— What is required —
Check every line below for the word "Hhom" and copy the ones that have it.

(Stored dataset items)
......
Lemma dist_Z_le_int (x : R) (n : Z) : dist_Z x <= Rabs (x - IZR n).
Proof.
  unfold dist_Z. pose proof (frac_part_decomp x). pose proof (frac_part_range x).
  set (a := frac_part x) in *. set (k := Int_part x) in *.
  replace (x - IZR n) with (a + IZR (k - n)) by (rewrite minus_IZR; lra).
  destruct (Z_le_gt_dec 0 (k - n)) as [Hkn|Hkn].
  - apply IZR_le in Hkn. rewrite Rabs_right by lra.
    apply Rle_trans with a; [apply Rmin_l | lra].
  - assert (IZR (k - n) <= -1) by (apply IZR_le; lia).
    rewrite Rabs_left by lra.
    apply Rle_trans with (1 - a); [apply Rmin_r | lra].
Qed.

Lemma dist_Z_attained (x : R) : exists n, dist_Z x = Rabs (x - IZR n).
Proof.
  unfold dist_Z. pose proof (frac_part_decomp x). pose proof (frac_part_range x).
  set (a := frac_part x) in *. set (k := Int_part x) in *.
  destruct (Rle_dec a (1 - a)).
  - exists k. rewrite Rmin_left by lra. rewrite Rabs_right by lra. lra.
  - exists (k + 1)%Z. rewrite Rmin_right, plus_IZR by lra.
    rewrite Rabs_left by (simpl; lra). simpl; lra.
Qed.

Lemma dist_Z_add (x y : R) : dist_Z (x + y) <= dist_Z x + dist_Z y.
Proof.
  destruct (dist_Z_attained x) as [n ->], (dist_Z_attained y) as [m ->].
  eapply Rle_trans; [apply (dist_Z_le_int _ (n + m))|]. rewrite plus_IZR.
  replace (x + y - (IZR n + IZR m)) with ((x - IZR n) + (y - IZR m)) by ring.
  apply Rabs_triang.
Qed.

Lemma dist_Z_opp_le (x : R) : dist_Z (- x) <= dist_Z x.
Proof.
  destruct (dist_Z_attained x) as [n ->].
  eapply Rle_trans; [apply (dist_Z_le_int _ (- n))|]. rewrite opp_IZR.
  replace (- x - - IZR n) with (- (x - IZR n)) by ring. rewrite Rabs_Ropp. lra.
Qed.

Lemma dist_Z_opp (x : R) : dist_Z (- x) = dist_Z x.
Proof.
  apply Rle_antisym; [apply dist_Z_opp_le|].
  rewrite <- (Ropp_involutive x) at 1. apply dist_Z_opp_le.
Qed.

Lemma dist_Z_shift (x : R) (n : Z) : dist_Z (x + IZR n) = dist_Z x.
Proof. unfold dist_Z. rewrite frac_part_shift. reflexivity. Qed.

Lemma dist_Z_frac (x : R) : dist_Z (frac_part x) = dist_Z x.
Proof. unfold dist_Z. rewrite (frac_part_id _ (frac_part_range x)). reflexivity. Qed.

Lemma dist_Z_0 : dist_Z 0 = 0.
Proof. unfold dist_Z. rewrite frac_part_id by lra. apply Rmin_left. lra. Qed.

Lemma dist_Z_le_half (x : R) : dist_Z x <= 1/2.
Proof.
  unfold dist_Z. destruct (Rle_dec (frac_part x) (1 - frac_part x)).
  - rewrite Rmin_left; lra.
  - rewrite Rmin_right; lra.
Qed.

Lemma dist_Z_middle (x : R) : 1/3 <= x <= 2/3 -> 1/3 <= dist_Z x.
Proof. intros Hx. unfold dist_Z. rewrite frac_part_id by lra. apply Rmin_glb; lra. Qed.

Lemma dist_Z_mul_nearest (x : R) (m : Z) (n : nat) :
  dist_Z (INR n * x) = dist_Z (INR n * Rabs (x - IZR m)).
Proof.
  replace (INR n * x) with (INR n * (x - IZR m) + IZR (Z.of_nat n * m))
    by (rewrite mult_IZR, <- INR_IZR_INZ; ring).
  rewrite dist_Z_shift. destruct (Rle_dec 0 (x - IZR m)).
  - rewrite Rabs_right by lra. reflexivity.
  - rewrite Rabs_left by lra.
    replace (INR n * - (x - IZR m)) with (- (INR n * (x - IZR m))) by ring.
    rewrite dist_Z_opp. reflexivity.
Qed.

(* A non-integer has a multiple at distance at least 1/3 from Z: scale its
   distance d to Z by the first integer n with n d > 1/3. *)
Lemma dist_Z_far_multiple (x : R) : 0 < dist_Z x -> exists n : nat, 1/3 <= dist_Z (INR n * x).
Proof.
  intros Hpos. destruct (dist_Z_attained x) as [m Hm].
  pose proof (dist_Z_le_half x) as Hhalf.
  destruct (Rle_dec (1/3) (dist_Z x)) as [Hfar|Hnear].
  { exists 1%nat. simpl INR. rewrite Rmult_1_l. exact Hfar. }
  set (d := dist_Z x) in *. set (w := 1 / (3 * d)).
  assert (Hwd : w * d = 1/3) by (unfold w; field; lra).
  destruct (archimed w) as [Hup1 Hup2]. set (z := up w) in *.
  assert (Hz : (0 <= z)%Z) by (apply le_IZR; apply Rlt_le, Rlt_trans with w;
    [unfold w; apply Rdiv_lt_0_compat; lra | exact Hup1]).
  exists (Z.to_nat z). rewrite (dist_Z_mul_nearest x m), <- Hm.
  rewrite INR_IZR_INZ, Z2Nat.id by exact Hz.
  apply dist_Z_middle. split.
  - rewrite <- Hwd. apply Rmult_le_compat_r; lra.
  - apply Rle_trans with ((w + 1) * d); [apply Rmult_le_compat_r; lra | nra].
Qed.

Definition Tv (t : T) : R := proj1_sig t.

Lemma Tv_range (t : T) : 0 <= Tv t < 1.
Proof. exact (proj2_sig t). Qed.

Lemma Tv_inj (a b : T) : Tv a = Tv b -> a = b.
Proof.
  destruct a as [a Ha], b as [b Hb]. unfold Tv; simpl. intros ->.
  f_equal. apply proof_irrelevance.
Qed.

Lemma Tv_add (a b : T) : Tv (Tadd a b) = frac_part (Tv a + Tv b).
Proof. reflexivity. Qed.

Definition dT (t : T) : R := Tdist t Tzero.

Lemma Tdist_eq (a b : T) : Tdist a b = dist_Z (Tv a - Tv b).
Proof.
  unfold Tdist, dist_Z. pose proof (Tv_range a). pose proof (Tv_range b). unfold Tv in *.
  destruct (Rle_dec 0 (proj1_sig a - proj1_sig b)).
  - rewrite (frac_part_id (proj1_sig a - proj1_sig b)) by lra.
    rewrite Rabs_right by lra. reflexivity.
  - rewrite (frac_part_char _ (proj1_sig a - proj1_sig b + 1) (-1)) by (simpl; lra).
    rewrite Rabs_left by lra. rewrite Rmin_comm. f_equal; lra.
Qed.

Lemma dT_eq (t : T) : dT t = dist_Z (Tv t).
Proof. unfold dT. rewrite Tdist_eq. unfold Tzero, Tv at 2. simpl. f_equal. ring. Qed.

Lemma dT_zero : dT Tzero = 0.
Proof. rewrite dT_eq. apply dist_Z_0. Qed.

Lemma dT_triangle (a b : T) : dT a <= Tdist a b + dT b.
Proof.
  rewrite !dT_eq, Tdist_eq.
  replace (Tv a) with ((Tv a - Tv b) + Tv b) at 1 by ring. apply dist_Z_add.
Qed.

Lemma dT_add_lower (p s : T) : dT s <= dT (Tadd p s) + dT p.
Proof.
  rewrite !dT_eq, Tv_add, dist_Z_frac.
  replace (Tv s) with ((Tv p + Tv s) + - Tv p) at 1 by ring.
  pose proof (dist_Z_add (Tv p + Tv s) (- Tv p)). rewrite dist_Z_opp in *. lra.
Qed.

Lemma Tadd_zero_r (t : T) : Tadd t Tzero = t.
Proof.
  apply Tv_inj. rewrite Tv_add. unfold Tzero, Tv at 2. simpl.
  rewrite Rplus_0_r. apply frac_part_id, Tv_range.
Qed.

Lemma Tadd_idem (t : T) : Tadd t t = t -> t = Tzero.
Proof.
  intros H. apply Tv_inj. apply (f_equal Tv) in H. rewrite Tv_add in H.
  pose proof (Tv_range t). unfold Tzero, Tv in *; simpl in *.
  set (a := proj1_sig t) in *.
  destruct (Rlt_dec a (1/2)).
  - rewrite (frac_part_char _ (a + a) 0) in H by (simpl; lra). lra.
  - rewrite (frac_part_char _ (a + a - 1) 1) in H by (simpl; lra). lra.
Qed.

Fixpoint Tmul (n : nat) (t : T) : T :=
  match n with O => Tzero | S n => Tadd t (Tmul n t) end.

Lemma Tv_mul (n : nat) (t : T) : Tv (Tmul n t) = frac_part (INR n * Tv t).
Proof.
  induction n as [|n IH]; simpl Tmul.
  - unfold Tzero, Tv; simpl. rewrite Rmult_0_l, frac_part_id; lra.
  - rewrite Tv_add, IH, frac_part_add_frac, S_INR. f_equal. ring.
Qed.

(* T has no small subgroups. *)
Lemma T_far_multiple (t : T) : t <> Tzero -> exists n, 1/3 <= dT (Tmul n t).
Proof.
  intros Ht. pose proof (Tv_range t) as Hr.
  assert (Hne : Tv t <> 0) by (intros E; apply Ht, Tv_inj; exact E).
  destruct (dist_Z_far_multiple (Tv t)) as [n Hn].
  - unfold dist_Z. rewrite frac_part_id by exact Hr. apply Rmin_glb_lt; lra.
  - exists n. rewrite dT_eq, Tv_mul, dist_Z_frac. exact Hn.
Qed.

Definition prod_opp {I : Type} (G : I -> ConvGroup) (x : prodG G) : prodG G :=
  fun i => cg_opp (G i) (x i).

Fixpoint prod_mul {I : Type} (G : I -> ConvGroup) (n : nat) (x : prodG G) : prodG G :=
  match n with O => prod_zero G | S n => prod_add G x (prod_mul G n x) end.

Lemma cg_add0r (A : ConvGroup) (x : A) : cg_add A x (cg_zero A) = x.
Proof. rewrite cg_addC. apply cg_add0. Qed.

Lemma prod_mul_coord_zero {I : Type} (G : I -> ConvGroup) (n : nat) (x : prodG G) (j : I) :
  x j = cg_zero (G j) -> prod_mul G n x j = cg_zero (G j).
Proof.
  intros Hx. induction n as [|n IH]; simpl; [reflexivity|].
  unfold prod_add. rewrite Hx, IH. apply cg_add0.
Qed.

Lemma inj_off {I : Type} (G : I -> ConvGroup) (i : I) (g : G i) (j : I) :
  j <> i -> inj G i g j = cg_zero (G j).
Proof.
  intros Hj. unfold inj. destruct (excluded_middle_informative (i = j)) as [E|E];
    [exfalso; apply Hj; symmetry; exact E | reflexivity].
Qed.

Lemma gamma_zero {I : Type} (G : I -> ConvGroup) (phi : prodG G -> T) :
  in_Gamma_prod G phi -> phi (prod_zero G) = Tzero.
Proof.
  intros [Hhom _]. apply Tadd_idem. rewrite <- Hhom. f_equal.
  apply functional_extensionality_dep. intro i. apply cg_add0.
Qed.

Lemma gamma_mul {I : Type} (G : I -> ConvGroup) (phi : prodG G -> T) (n : nat) (x : prodG G) :
  in_Gamma_prod G phi -> phi (prod_mul G n x) = Tmul n (phi x).
Proof.
  intros Hg. induction n as [|n IH]; simpl.
  - apply gamma_zero, Hg.
  - destruct Hg as [Hhom _]. rewrite Hhom, IH. reflexivity.
Qed.

(** * Characters of a product have finite support *)

Definition factors_through {I : Type} (G : I -> ConvGroup) (phi : prodG G -> T) (J : list I) :
  Prop :=
  forall x : prodG G, (forall j, In j J -> x j = cg_zero (G j)) -> phi x = Tzero.

Lemma factors_through_eq {I : Type} (G : I -> ConvGroup) (phi : prodG G -> T) (J : list I) :
  in_Gamma_prod G phi -> factors_through G phi J ->
  forall a b : prodG G, (forall j, In j J -> a j = b j) -> phi a = phi b.
Proof.
  intros [Hhom _] HJ a b Hab.
  assert (E : a = prod_add G b (prod_add G a (prod_opp G b))).
  { apply functional_extensionality_dep. intro i. unfold prod_add, prod_opp.
    rewrite (cg_addC _ (a i)), cg_addA, (cg_addC _ (b i)), cg_addN, cg_add0. reflexivity. }
  rewrite E at 1. rewrite Hhom, (HJ (prod_add G a (prod_opp G b))), Tadd_zero_r; [reflexivity|].
  intros j Hj. unfold prod_add, prod_opp. rewrite Hab by exact Hj.
  rewrite cg_addC. apply cg_addN.
Qed.

Lemma is_filter_pfilter {X : Type} (x : X) : is_filter (pfilter x).
Proof. unfold is_filter, pfilter. repeat split; auto. Qed.

Lemma is_filter_fmap {X Y : Type} (f : X -> Y) (F : (X -> Prop) -> Prop) :
  is_filter F -> is_filter (fmap f F).
Proof.
  unfold is_filter, fmap. intros (Htop & Hbot & Hcap & Hup). repeat split; auto.
  intros A B HAB. apply Hup. intros x. apply HAB.
Qed.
......
— Reply —
  intros [Hhom _]. apply Tadd_idem. rewrite <- Hhom. f_equal.
  - destruct Hg as [Hhom _]. rewrite Hhom, IH. reflexivity.
  intros [Hhom _] HJ a b Hab.
  rewrite E at 1. rewrite Hhom, (HJ (prod_add G a (prod_opp G b))), Tadd_zero_r; [reflexivity|].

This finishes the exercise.